Leesfragment: UP

27 november 2015 , door Myrthe van der Meer
|

De derde roman van Myrthe van der Meer, UP, is verschenen. Deze 'psychiatrische roman' past perfect in het Boekenweekthema, en Van der Meer is dan ook te gast tijdens het Boekenbal voor Lezers 14 maart. Een fragment. ‘“Zelfmoord?” Ik begin te lachen. “Natuurlijk niet. Het gaat goed met me. Ik schrijf. Ik redigeer. Ik werk…” Ik klop op mijn tas en voel de geruststellend grote, lompe hoekigheid van mijn laptop door de stof heen. “Ik ben niet depressief, juist het tegenovergestelde; ik voel me geweldig. Ik ga dat niet kapotmaken. Juist niet! Ik ga er juist voor zorgen dat dit gevoel nooit meer kapot kan.”’

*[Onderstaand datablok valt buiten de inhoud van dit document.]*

Arguments Sd_rel : clear implicits.

Definition Sd_act (X : sSet) k' k (t : Hom k' k) (u : Sd_pre X k) : Sd_pre X k' :=
  existT _ (projT1 u) ((projT2 u).1, chain_pre t (projT2 u).2).

Definition Sd (X : sSet) : sSet :=
  @MkSSet (fun k => quot (Sd_rel X k))
    (fun k' k t P => cls _ (Sd_act t (rep P))).

Definition degenerate (Y : sSet) n (y : Y n) :=
  exists m (s : Hom n m) (z : Y m), m < n /\ y = sact s z.

(* the representing map Delta[n] -> Y of y is degreewise injective *)
Definition nonsingular (Y : sSet) :=
  forall n (y : Y n), ~ degenerate y ->
    forall k (f g : Hom k n), sact f y = sact g y -> f = g.

Definition compat_equiv (Y : sSet) (R : forall n, Y n -> Y n -> Prop) :=
  (forall n, equivalence (Y n) (R n)) /\
  (forall m n (t : Hom m n) (y y' : Y n), R n y y' -> R m (sact t y) (sact t y')).

Arguments compat_equiv : clear implicits.

Definition quotS (Y : sSet) (R : forall n, Y n -> Y n -> Prop) : sSet :=
  @MkSSet (fun n => quot (R n)) (fun m n t P => cls _ (sact t (rep P))).

Arguments quotS : clear implicits.

(* Desingularization: image of Y -> prod_f Z over all quotient maps     *)
(* f : Y -> Y/R with Y/R non-singular.                                  *)
Definition DIndex (Y : sSet) :=
  {R : forall n, Y n -> Y n -> Prop | compat_equiv Y R /\ nonsingular (quotS Y R)}.

Definition DProd (Y : sSet) : sSet :=
  @MkSSet (fun n => forall i : DIndex Y, quotS Y (proj1_sig i) n)
    (fun m n t p => fun i => sact t (p i)).

Definition Dmap (Y : sSet) n (y : Y n) : DProd Y n :=
  fun i => cls _ y.

Lemma Dmap_nat (Y : sSet) m n (t : Hom m n) (y : Y n) :
  sact (s := DProd Y) t (Dmap y) = Dmap (sact t y).
Proof.
apply: functional_extensionality_dep => -[R [[Heq Hc] Hns]] /=.
rewrite /Dmap /cls /rep /=.
case: (constructive_indefinite_description _ _) => z Hz /=.
have Ryz : R n y z.
  by rewrite Hz; case: (Heq n) => refl _ _; apply: refl.
have Rt := Hc m n t y z Ryz.
case: (Heq m) => _ trans sym.
have E : R m (sact t z) = R m (sact t y).
  apply: functional_extensionality => w; apply: propositional_extensionality; split.
  - by move=> H; apply: trans Rt H.
  - by move=> H; apply: trans (sym _ _ Rt) H.
by apply: eq_sig_hprop => [P p q|]; [apply: proof_irrelevance | rewrite /= E].
Qed.

Definition Dact (Y : sSet) m n (t : Hom m n)
  (p : {p : DProd Y n | exists y, p = Dmap y}) : {p : DProd Y m | exists y, p = Dmap y} :=
  exist _ (sact t (proj1_sig p))
    (match proj2_sig p with ex_intro y Hy =>
       ex_intro _ (sact t y) (eq_trans (f_equal (sact t) Hy) (Dmap_nat t y)) end).

Definition Desing (Y : sSet) : sSet :=
  @MkSSet (fun n => {p : DProd Y n | exists y, p = Dmap y}) (@Dact Y).

From mathcomp Require Import all_boot zify.
From Stdlib Require Import Relation_Definitions Relation_Operators Operators_Properties
  ClassicalEpsilon FunctionalExtensionality PropExtensionality ProofIrrelevance Classical.

(* Every simplex of Y = Sd X is a chain of faces of the non-degenerate 2-simplex of X.
   Recording at each vertex whether the face is the whole 2-simplex gives a natural surjection
   phi : Y -> Delta[1] with a section; as Delta[1] is non-singular, so is the quotient of Y by
   the kernel of phi.  Conversely, a non-singular quotient identifies any two faces of a simplex
   that have the same vertices.  All proper faces of the 2-simplex are one vertex of Y, so
   a chain can be moved to a canonical chain with the same phi-value by such identifications.
   Hence the kernel of phi is the finest non-singular quotient relation, and D Y = Delta[1]. *)

Set Implicit Arguments.
Unset Strict Implicit.
Unset Printing Implicit Defensive.

Lemma hom_eq m n (f g : Hom m n) : (forall i, f i = g i) -> f = g.
Proof.
case: f g => f Hf [g Hg] /= E.
have E' : f = g by apply: functional_extensionality.
by subst; f_equal; apply: proof_irrelevance.
Qed.

Lemma chain_eq k n (c d : Chain k n) : (forall i, c i = d i) -> c = d.
Proof.
case: c d => c H1 H2 [d H3 H4] /= E.
have E' : c = d by apply: functional_extensionality.
by subst; f_equal; apply: proof_irrelevance.
Qed.

Lemma ord1_eq (a b : 'I_1) : a = b.
Proof. by apply: val_inj; case: a b => [[|//] ?] [[|//] ?]. Qed.

Lemma clos_rst_congr (T U : Type) (R : T -> T -> Prop) (f : T -> U) :
  (forall x y, R x y -> f x = f y) ->
  forall u v, clos_refl_sym_trans T R u v -> f u = f v.
Proof.
move=> H u v; elim=> [x y /H //| //| x y _ -> //| x y z _ -> _ -> //].
Qed.

Lemma clos_rst_map (T U : Type) (R : T -> T -> Prop) (S : U -> U -> Prop) (f : T -> U) :
  (forall x y, R x y -> S (f x) (f y)) ->
  forall u v, clos_refl_sym_trans T R u v -> clos_refl_sym_trans U S (f u) (f v).
Proof.
move=> H u v; elim=> [x y /H|x|x y _|x y z _ E1 _ E2].
- exact: rst_step.
- exact: rst_refl.
- exact: rst_sym.
- exact: rst_trans E1 E2.
Qed.

Section Quotient.
Variables (T : Type) (R : T -> T -> Prop) (HR : equivalence T R).

Lemma rep_cls x : R x (rep (cls R x)).
Proof.
rewrite /rep; case: (constructive_indefinite_description _ _) => z /= ->.
exact: (equiv_refl _ _ HR).
Qed.

Lemma cls_eq x y : R x y -> cls R x = cls R y.
Proof.
move=> Hxy; have E : R x = R y.
  apply: functional_extensionality => w; apply: propositional_extensionality; split.
  - by apply: (equiv_trans _ _ HR); apply: (equiv_sym _ _ HR).
  - exact: (equiv_trans _ _ HR).
by apply: eq_sig_hprop => [P p q|]; [apply: proof_irrelevance | rewrite /= E].
Qed.

Lemma cls_inj x y : cls R x = cls R y -> R x y.
Proof.
by move=> E; have : proj1_sig (cls R x) y by rewrite E /=; apply: (equiv_refl _ _ HR).
Qed.

Lemma cls_rep (P : quot R) : cls R (rep P) = P.
Proof.
rewrite /rep; case: (constructive_indefinite_description _ _) => z /= Hz.
case: P Hz => P HP /= Hz; subst.
by apply: eq_sig_hprop => [Q p q|]; [apply: proof_irrelevance|].
Qed.

Lemma quot_ind (P : quot R -> Prop) : (forall x, P (cls R x)) -> forall q, P q.
Proof. by move=> H q; rewrite -(cls_rep q). Qed.
End Quotient.

Definition hom_const k n (j : 'I_n.+1) : Hom k n :=
  @MkHom k n (fun _ => j) (fun _ _ _ => leqnn _).

Notation hom_vertex := (hom_const 0).

Lemma nondegenerate_decomposition (Z : sSet) : is_simplicial Z ->
  forall n (z : Z n), exists m (s : Hom n m) (w : Z m), z = sact s w /\ ~ degenerate w.
Proof.
move=> [Hid Hcomp]; elim/ltn_ind => n IH z.
case: (classic (degenerate z)) => [[m [s [z' [Hm ->]]]]|Hz]; last first.
  by exists n, (hom_id n), z; rewrite Hid.
have [m' [s' [w [-> Hw]]]] := IH m Hm z'.
by exists m', (hom_comp s' s), w; rewrite Hcomp.
Qed.

(* Write [z] as a degeneracy of a non-degenerate [w], whose representing map is injective. *)
Lemma nonsingular_act_vertices (Z : sSet) : is_simplicial Z -> nonsingular Z ->
  forall n (z : Z n) k (f g : Hom k n),
  (forall i, sact (hom_vertex (f i)) z = sact (hom_vertex (g i)) z) -> sact f z = sact g z.
Proof.
move=> HZ Hns n z k f g Hv.
have [m [s [w [Ez Hw]]]] := nondegenerate_decomposition HZ z; subst z.
case: HZ => _ Hcomp; rewrite -!Hcomp; congr sact; apply: hom_eq => i /=.
have := Hv i; rewrite -!Hcomp => /(Hns _ _ Hw) E.
exact: (f_equal (fun h : Hom 0 m => h ord0) E).
Qed.

Lemma hom_step_eq_of_not_injective k n (y : Hom k n) (a b : 'I_k.+1) :
  a < b -> y a = y b -> exists2 i : nat, i < k & y (inord i) = y (inord i.+1).
Proof.
move=> ab Eab; have bk := ltn_ord b; exists a; first by lia.
have le1 : y a <= y (inord a.+1) by apply: homP; rewrite inordK; lia.
have le2 : y (inord a.+1) <= y b by apply: homP; rewrite inordK; lia.
by rewrite inord_val; apply: val_inj; apply/eqP; rewrite eqn_leq le1 Eab.
Qed.

Section Degeneracy.
Variables (k n i : nat) (y : Hom k.+1 n).
Hypotheses (ik : i < k.+1) (Ey : y (inord i) = y (inord i.+1)).

Definition codeg_fun (j : 'I_k.+2) : 'I_k.+1 := inord (if j <= i then j : nat else j.-1).
Definition coface_fun (j : 'I_k.+1) : 'I_k.+2 := inord (if j <= i then j : nat else j.+1).

Lemma codeg_mono : ord_mono codeg_fun.
Proof.
move=> a b ab; have := ltn_ord a; have := ltn_ord b; rewrite /codeg_fun.
by case: (leqP a i); case: (leqP b i) => /= ? ? ? ?; rewrite !inordK; lia.
Qed.

Lemma coface_mono : ord_mono coface_fun.
Proof.
move=> a b ab; have := ltn_ord a; have := ltn_ord b; rewrite /coface_fun.
by case: (leqP a i); case: (leqP b i) => /= ? ? ? ?; rewrite !inordK; lia.
Qed.

Lemma degenerate_of_step : degenerate (y : Delta n k.+1).
Proof.
exists k, (MkHom codeg_mono), (hom_comp y (MkHom coface_mono)); split => //.
apply: hom_eq => j /=; have jk := ltn_ord j; rewrite /coface_fun /codeg_fun.
case: (leqP j i) => ji; first by rewrite inordK ?ji ?inord_val //; lia.
rewrite inordK; last by lia.
case: (leqP j.-1 i) => ji'.
  have -> : (inord j.-1 : 'I_k.+2) = inord i by congr inord; lia.
  by rewrite Ey; congr (homf y); apply: val_inj; rewrite /= inordK; lia.
by congr (homf y); apply: val_inj; rewrite /= inordK; lia.
Qed.
End Degeneracy.

Lemma Delta_nonsingular n : nonsingular (Delta n).
Proof.
move=> k y Hy m f g /= E; apply: hom_eq => i.
have Eyi : y (f i) = y (g i) by have := f_equal (fun h : Hom m n => h i) E.
case: (eqVneq (f i) (g i)) => // Hfg; exfalso; apply: Hy.
have [a [b [ab Eab]]] : exists a b : 'I_k.+1, a < b /\ y a = y b.
  case: (ltngtP (f i) (g i)) => [lt|lt|/val_inj E']; last by rewrite E' eqxx in Hfg.
  - by exists (f i), (g i).
  - by exists (g i), (f i).
have [j jk Ej] := hom_step_eq_of_not_injective ab Eab.
case: k y {f g E Eyi Hfg a b ab Eab} j jk Ej => [//|k] y j jk Ej.
exact: degenerate_of_step Ej.
Qed.

Section SimplicialQuotient.
Variables (Y : sSet) (R : forall n, Y n -> Y n -> Prop).
Hypothesis HR : compat_equiv Y R.

Lemma quotS_act_cls m n (t : Hom m n) (y : Y n) :
  sact (s := quotS Y R) t (cls (@R n) y) = cls (@R m) (sact t y).
Proof.
case: HR => Heq Hc; apply: cls_eq; first exact: Heq.
by apply: Hc; apply: (equiv_sym _ _ (Heq n)); apply: rep_cls.
Qed.

Lemma quotS_simplicial : is_simplicial Y -> is_simplicial (quotS Y R).
Proof.
case=> Hid Hcomp; split.
- by move=> n; apply: quot_ind => y; rewrite quotS_act_cls Hid.
- by move=> m n p f g; apply: quot_ind => y; rewrite !quotS_act_cls Hcomp.
Qed.

Lemma quotS_rel_vertices : is_simplicial Y -> nonsingular (quotS Y R) ->
  forall n (y : Y n) k (f g : Hom k n),
  (forall i, R (sact (hom_vertex (f i)) y) (sact (hom_vertex (g i)) y)) ->
  R (sact f y) (sact g y).
Proof.
move=> HY Hns n y k f g Hv; case: HR => Heq _; apply: (cls_inj (Heq k)).
rewrite -!quotS_act_cls; apply: (nonsingular_act_vertices (quotS_simplicial HY) Hns) => i.
by rewrite !quotS_act_cls; apply: cls_eq.
Qed.
End SimplicialQuotient.

Section DesingularizationOfFinest.
Variables (Y W : sSet) (phi : smap Y W) (sec : forall n, W n -> Y n).
Hypothesis phi_sec : forall n (w : W n), phi n (sec w) = w.
Hypothesis W_nonsingular : nonsingular W.
Hypothesis ker_finest : forall R, compat_equiv Y R -> nonsingular (quotS Y R) ->
  forall n (y y' : Y n), phi n y = phi n y' -> R n y y'.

'UP is stille pijn die zichtbaar wordt; rauw, confronterend en hartverscheurend mooi!' Isa Hoes

'Heb ik dan nooit een normale dag gehad? Ja, de momenten tussen de depressies en dat bijna extatische gevoel van geluk in. Maar ik ben altijd op doorreis, van down naar up en weer terug. Dat die depressieve kant een probleem is snap ik, maar als nu ook alles boven de streep een probleem is... Wanneer ben ik dan géén probleem? Wanneer ben ik dan géén risico, geen belasting voor de mensen om mij heen? Wie ben ik dat ik zo mag zijn?'

Als Emma enthousiast naar het laatste gesprek met haar psychiater gaat, gebeurt er iets wat ze niet helemaal had voorzien; haar psychiater is verdwenen, de vervanger weet niets van een eindgesprek en voor het einde van de dag is ze opgenomen op de paaz; de psychiatrische afdeling van het algemeen ziekenhuis. Alweer.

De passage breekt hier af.